(Source records)
□ □ □

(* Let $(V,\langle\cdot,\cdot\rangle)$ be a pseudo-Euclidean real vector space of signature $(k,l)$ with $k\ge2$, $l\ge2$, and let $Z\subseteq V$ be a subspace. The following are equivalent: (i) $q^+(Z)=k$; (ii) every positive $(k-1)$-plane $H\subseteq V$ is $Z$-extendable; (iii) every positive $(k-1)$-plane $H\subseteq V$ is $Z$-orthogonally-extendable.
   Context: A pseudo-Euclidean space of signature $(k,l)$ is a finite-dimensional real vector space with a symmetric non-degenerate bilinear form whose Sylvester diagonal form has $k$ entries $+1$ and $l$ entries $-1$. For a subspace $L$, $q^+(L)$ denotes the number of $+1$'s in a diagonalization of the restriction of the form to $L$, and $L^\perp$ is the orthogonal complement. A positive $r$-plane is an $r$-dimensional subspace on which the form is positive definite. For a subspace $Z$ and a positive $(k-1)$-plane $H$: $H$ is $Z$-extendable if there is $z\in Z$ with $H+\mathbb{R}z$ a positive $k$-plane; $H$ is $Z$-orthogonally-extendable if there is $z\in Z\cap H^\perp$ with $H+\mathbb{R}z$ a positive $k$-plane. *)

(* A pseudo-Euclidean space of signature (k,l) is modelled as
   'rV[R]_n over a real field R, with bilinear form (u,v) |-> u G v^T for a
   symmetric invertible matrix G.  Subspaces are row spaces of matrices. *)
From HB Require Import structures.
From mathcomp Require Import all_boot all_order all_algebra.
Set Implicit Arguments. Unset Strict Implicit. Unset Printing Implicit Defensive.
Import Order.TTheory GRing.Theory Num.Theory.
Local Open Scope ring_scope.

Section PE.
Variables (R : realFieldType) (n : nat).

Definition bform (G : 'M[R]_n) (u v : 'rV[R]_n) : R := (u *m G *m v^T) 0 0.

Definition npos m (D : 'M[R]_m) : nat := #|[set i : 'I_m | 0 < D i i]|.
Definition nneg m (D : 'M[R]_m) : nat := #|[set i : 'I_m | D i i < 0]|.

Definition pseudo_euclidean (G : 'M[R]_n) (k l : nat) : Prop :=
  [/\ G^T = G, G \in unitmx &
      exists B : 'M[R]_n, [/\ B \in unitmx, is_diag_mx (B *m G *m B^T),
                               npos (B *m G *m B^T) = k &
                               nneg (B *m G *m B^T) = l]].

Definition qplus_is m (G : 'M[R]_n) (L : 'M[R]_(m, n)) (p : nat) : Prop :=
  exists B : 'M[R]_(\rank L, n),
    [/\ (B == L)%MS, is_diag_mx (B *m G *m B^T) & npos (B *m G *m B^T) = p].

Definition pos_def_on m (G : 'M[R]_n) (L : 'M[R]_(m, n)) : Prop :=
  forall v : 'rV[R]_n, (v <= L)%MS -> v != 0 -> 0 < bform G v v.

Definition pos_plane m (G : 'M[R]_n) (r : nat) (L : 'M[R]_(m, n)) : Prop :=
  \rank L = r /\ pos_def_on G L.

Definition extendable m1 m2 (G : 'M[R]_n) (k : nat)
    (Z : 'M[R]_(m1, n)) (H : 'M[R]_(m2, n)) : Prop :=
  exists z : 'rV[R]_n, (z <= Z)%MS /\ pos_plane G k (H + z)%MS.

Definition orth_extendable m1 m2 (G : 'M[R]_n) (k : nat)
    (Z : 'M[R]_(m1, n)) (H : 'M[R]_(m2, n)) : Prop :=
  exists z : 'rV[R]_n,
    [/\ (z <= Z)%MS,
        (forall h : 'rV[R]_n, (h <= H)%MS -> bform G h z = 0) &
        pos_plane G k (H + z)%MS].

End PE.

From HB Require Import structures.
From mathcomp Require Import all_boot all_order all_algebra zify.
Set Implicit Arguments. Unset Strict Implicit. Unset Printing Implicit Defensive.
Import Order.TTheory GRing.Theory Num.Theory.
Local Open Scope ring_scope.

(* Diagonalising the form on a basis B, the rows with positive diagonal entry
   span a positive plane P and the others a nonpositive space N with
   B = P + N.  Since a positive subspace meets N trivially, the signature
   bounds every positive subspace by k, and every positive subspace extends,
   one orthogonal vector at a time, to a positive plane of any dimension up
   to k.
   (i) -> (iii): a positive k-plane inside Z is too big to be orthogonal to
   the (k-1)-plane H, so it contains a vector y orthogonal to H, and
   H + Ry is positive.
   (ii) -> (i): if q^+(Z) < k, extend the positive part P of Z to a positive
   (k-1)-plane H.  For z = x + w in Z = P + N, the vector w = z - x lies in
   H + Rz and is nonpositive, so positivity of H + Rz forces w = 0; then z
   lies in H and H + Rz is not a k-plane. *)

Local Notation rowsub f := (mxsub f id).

□ □ □

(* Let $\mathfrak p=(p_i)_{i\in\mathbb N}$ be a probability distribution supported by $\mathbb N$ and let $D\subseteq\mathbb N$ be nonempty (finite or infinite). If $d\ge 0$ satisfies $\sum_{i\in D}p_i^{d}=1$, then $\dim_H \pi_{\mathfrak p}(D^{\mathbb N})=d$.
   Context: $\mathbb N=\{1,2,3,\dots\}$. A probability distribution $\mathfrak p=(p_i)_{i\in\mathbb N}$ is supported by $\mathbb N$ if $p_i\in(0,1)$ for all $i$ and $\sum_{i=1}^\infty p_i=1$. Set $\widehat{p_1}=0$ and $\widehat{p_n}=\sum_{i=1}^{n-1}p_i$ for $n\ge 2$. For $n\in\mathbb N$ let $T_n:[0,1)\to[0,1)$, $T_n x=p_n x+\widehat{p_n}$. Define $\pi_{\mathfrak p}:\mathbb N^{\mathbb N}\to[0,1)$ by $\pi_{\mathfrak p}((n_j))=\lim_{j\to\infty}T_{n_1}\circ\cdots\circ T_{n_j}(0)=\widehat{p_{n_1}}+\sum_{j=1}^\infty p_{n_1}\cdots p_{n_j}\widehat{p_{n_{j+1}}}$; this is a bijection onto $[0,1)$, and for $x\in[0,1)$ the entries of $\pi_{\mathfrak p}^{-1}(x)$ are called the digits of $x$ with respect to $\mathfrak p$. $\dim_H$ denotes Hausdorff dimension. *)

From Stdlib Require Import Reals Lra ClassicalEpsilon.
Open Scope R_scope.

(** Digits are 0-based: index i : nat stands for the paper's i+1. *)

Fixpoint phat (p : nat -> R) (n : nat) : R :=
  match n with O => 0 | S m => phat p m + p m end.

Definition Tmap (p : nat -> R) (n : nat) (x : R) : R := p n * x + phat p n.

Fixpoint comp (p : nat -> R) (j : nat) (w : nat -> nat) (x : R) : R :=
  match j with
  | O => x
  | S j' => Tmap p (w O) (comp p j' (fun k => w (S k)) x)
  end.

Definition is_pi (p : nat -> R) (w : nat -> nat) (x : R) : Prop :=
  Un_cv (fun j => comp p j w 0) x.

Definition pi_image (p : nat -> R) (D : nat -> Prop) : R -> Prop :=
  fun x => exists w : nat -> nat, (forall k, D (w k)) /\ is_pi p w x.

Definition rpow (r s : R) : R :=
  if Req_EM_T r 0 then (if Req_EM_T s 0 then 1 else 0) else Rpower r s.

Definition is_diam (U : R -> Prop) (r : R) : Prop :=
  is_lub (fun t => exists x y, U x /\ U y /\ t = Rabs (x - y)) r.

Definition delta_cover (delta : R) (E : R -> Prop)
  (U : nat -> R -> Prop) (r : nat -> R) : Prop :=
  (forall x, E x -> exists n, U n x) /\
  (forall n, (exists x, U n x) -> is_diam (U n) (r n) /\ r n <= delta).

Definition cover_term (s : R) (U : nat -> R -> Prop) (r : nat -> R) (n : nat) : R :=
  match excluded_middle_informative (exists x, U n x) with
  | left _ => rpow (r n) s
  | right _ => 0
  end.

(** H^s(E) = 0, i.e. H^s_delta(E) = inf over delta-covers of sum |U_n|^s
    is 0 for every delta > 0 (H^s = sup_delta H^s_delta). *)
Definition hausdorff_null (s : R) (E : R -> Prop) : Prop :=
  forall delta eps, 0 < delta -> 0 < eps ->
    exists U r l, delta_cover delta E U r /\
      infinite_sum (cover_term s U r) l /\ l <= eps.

□ □ □

→ Instructions to follow:
Check each line above for the string "lies" and copy every line that has it.

→ Output for this exercise:
   (k-1)-plane H.  For z = x + w in Z = P + N, the vector w = z - x lies in
   lies in H and H + Rz is not a k-plane. *)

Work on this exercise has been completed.